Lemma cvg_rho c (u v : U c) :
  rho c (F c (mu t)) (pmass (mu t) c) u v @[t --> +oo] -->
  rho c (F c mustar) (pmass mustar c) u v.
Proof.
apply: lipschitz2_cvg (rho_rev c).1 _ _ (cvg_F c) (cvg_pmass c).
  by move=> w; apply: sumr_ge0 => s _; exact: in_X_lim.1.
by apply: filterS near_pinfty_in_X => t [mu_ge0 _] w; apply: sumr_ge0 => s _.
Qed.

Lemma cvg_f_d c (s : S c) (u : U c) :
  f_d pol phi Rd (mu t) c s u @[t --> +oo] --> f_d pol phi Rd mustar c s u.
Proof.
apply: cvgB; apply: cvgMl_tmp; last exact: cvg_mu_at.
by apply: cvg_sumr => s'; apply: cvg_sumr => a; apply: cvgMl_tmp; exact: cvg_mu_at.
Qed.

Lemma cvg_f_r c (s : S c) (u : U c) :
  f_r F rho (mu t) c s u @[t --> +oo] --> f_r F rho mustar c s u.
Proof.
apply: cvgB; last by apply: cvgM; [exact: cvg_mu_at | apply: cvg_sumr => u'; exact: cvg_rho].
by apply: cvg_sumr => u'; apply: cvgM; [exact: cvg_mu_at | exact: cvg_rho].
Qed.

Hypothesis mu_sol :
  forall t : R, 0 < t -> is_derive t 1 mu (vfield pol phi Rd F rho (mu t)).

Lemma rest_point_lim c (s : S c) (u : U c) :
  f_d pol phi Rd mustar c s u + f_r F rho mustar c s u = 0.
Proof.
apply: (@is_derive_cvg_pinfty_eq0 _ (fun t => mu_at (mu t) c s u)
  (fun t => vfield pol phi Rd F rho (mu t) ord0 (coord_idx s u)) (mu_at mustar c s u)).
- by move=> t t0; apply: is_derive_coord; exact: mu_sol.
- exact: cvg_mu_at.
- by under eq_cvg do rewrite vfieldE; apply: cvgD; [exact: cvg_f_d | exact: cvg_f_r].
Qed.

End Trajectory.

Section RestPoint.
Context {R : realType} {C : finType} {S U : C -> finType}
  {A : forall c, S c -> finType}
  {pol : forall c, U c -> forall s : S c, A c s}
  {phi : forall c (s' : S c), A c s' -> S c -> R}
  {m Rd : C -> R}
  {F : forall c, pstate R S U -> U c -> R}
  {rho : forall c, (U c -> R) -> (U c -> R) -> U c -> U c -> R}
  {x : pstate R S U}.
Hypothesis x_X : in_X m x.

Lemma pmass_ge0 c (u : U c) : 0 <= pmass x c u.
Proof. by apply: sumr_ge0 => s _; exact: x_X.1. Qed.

+-------+

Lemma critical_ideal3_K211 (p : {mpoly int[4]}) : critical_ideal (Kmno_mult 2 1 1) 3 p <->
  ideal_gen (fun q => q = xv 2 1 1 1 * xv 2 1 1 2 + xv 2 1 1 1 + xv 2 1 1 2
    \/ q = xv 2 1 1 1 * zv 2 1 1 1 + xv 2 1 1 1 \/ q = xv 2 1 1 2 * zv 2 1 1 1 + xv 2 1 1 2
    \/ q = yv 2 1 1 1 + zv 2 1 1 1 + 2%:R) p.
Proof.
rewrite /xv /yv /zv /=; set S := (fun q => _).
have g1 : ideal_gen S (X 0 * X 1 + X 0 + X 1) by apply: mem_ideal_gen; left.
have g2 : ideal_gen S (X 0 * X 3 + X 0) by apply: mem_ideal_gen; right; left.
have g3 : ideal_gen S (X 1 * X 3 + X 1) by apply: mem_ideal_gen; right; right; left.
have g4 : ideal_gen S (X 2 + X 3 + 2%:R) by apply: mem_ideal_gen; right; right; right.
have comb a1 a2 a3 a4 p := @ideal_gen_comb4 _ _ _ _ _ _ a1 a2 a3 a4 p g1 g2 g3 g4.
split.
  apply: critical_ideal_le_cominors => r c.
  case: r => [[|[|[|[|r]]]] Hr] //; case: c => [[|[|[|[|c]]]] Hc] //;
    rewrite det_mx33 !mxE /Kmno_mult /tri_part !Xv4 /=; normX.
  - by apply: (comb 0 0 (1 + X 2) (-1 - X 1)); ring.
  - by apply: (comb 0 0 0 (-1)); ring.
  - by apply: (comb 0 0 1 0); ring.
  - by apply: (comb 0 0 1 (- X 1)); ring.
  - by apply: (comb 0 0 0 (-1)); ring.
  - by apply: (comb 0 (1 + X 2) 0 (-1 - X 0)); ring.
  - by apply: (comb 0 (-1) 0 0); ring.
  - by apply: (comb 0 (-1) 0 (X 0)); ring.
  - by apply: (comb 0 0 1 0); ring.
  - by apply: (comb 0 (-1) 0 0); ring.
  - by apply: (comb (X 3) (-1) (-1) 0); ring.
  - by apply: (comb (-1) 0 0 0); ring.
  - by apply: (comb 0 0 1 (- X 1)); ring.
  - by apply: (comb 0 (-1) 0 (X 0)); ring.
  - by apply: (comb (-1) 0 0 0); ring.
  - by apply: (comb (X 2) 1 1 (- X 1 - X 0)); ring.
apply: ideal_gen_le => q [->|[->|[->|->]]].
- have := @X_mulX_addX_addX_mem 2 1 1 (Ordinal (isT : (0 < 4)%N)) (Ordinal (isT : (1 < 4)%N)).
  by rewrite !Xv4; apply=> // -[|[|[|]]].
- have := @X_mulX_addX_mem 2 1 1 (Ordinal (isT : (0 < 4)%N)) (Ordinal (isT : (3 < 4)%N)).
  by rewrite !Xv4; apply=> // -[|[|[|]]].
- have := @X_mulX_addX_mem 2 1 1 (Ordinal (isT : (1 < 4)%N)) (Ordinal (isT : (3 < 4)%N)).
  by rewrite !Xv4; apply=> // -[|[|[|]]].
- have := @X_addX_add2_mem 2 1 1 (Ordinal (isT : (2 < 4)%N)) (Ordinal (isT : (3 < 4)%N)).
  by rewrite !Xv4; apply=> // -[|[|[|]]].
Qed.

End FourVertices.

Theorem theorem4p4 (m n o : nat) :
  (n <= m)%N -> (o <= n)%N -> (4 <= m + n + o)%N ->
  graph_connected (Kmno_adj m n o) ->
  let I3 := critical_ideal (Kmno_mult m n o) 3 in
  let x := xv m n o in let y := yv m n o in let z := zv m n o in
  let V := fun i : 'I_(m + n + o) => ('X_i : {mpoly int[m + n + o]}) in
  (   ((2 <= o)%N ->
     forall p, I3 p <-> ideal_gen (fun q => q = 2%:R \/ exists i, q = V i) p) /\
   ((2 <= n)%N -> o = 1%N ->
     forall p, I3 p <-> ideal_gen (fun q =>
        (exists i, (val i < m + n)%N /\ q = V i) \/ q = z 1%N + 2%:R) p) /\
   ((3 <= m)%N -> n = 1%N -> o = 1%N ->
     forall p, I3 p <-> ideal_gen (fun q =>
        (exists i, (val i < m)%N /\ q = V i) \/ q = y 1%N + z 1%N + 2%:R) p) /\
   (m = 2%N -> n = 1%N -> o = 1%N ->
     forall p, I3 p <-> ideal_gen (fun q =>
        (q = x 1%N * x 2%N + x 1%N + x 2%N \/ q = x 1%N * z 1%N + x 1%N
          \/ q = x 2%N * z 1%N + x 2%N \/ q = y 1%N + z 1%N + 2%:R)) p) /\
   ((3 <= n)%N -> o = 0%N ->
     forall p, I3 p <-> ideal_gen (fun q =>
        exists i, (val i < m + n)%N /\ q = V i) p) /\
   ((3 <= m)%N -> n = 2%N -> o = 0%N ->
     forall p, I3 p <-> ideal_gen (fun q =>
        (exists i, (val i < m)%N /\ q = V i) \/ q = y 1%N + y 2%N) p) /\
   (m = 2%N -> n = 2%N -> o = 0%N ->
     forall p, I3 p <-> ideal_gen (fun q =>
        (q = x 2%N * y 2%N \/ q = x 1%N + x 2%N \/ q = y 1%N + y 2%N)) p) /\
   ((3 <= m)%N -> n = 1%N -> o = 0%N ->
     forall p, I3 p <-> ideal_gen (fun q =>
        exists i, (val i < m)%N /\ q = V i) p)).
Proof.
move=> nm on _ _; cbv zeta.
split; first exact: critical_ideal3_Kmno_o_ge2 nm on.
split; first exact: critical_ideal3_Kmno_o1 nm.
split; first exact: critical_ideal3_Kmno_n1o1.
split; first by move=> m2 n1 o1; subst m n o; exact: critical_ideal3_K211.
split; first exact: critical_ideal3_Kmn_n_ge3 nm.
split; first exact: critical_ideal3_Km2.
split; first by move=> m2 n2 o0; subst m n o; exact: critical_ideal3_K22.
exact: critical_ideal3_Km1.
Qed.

+-------+

(AIM OF THE TASK): Could you repeat exactly the lines above from the line with "Lemma pmass_ge0 c" up to and including the line with "Proof. by apply: sumr_ge0", and only those?

(TASK ANSWER):
Lemma pmass_ge0 c (u : U c) : 0 <= pmass x c u.
Proof. by apply: sumr_ge0 => s _; exact: x_X.1. Qed.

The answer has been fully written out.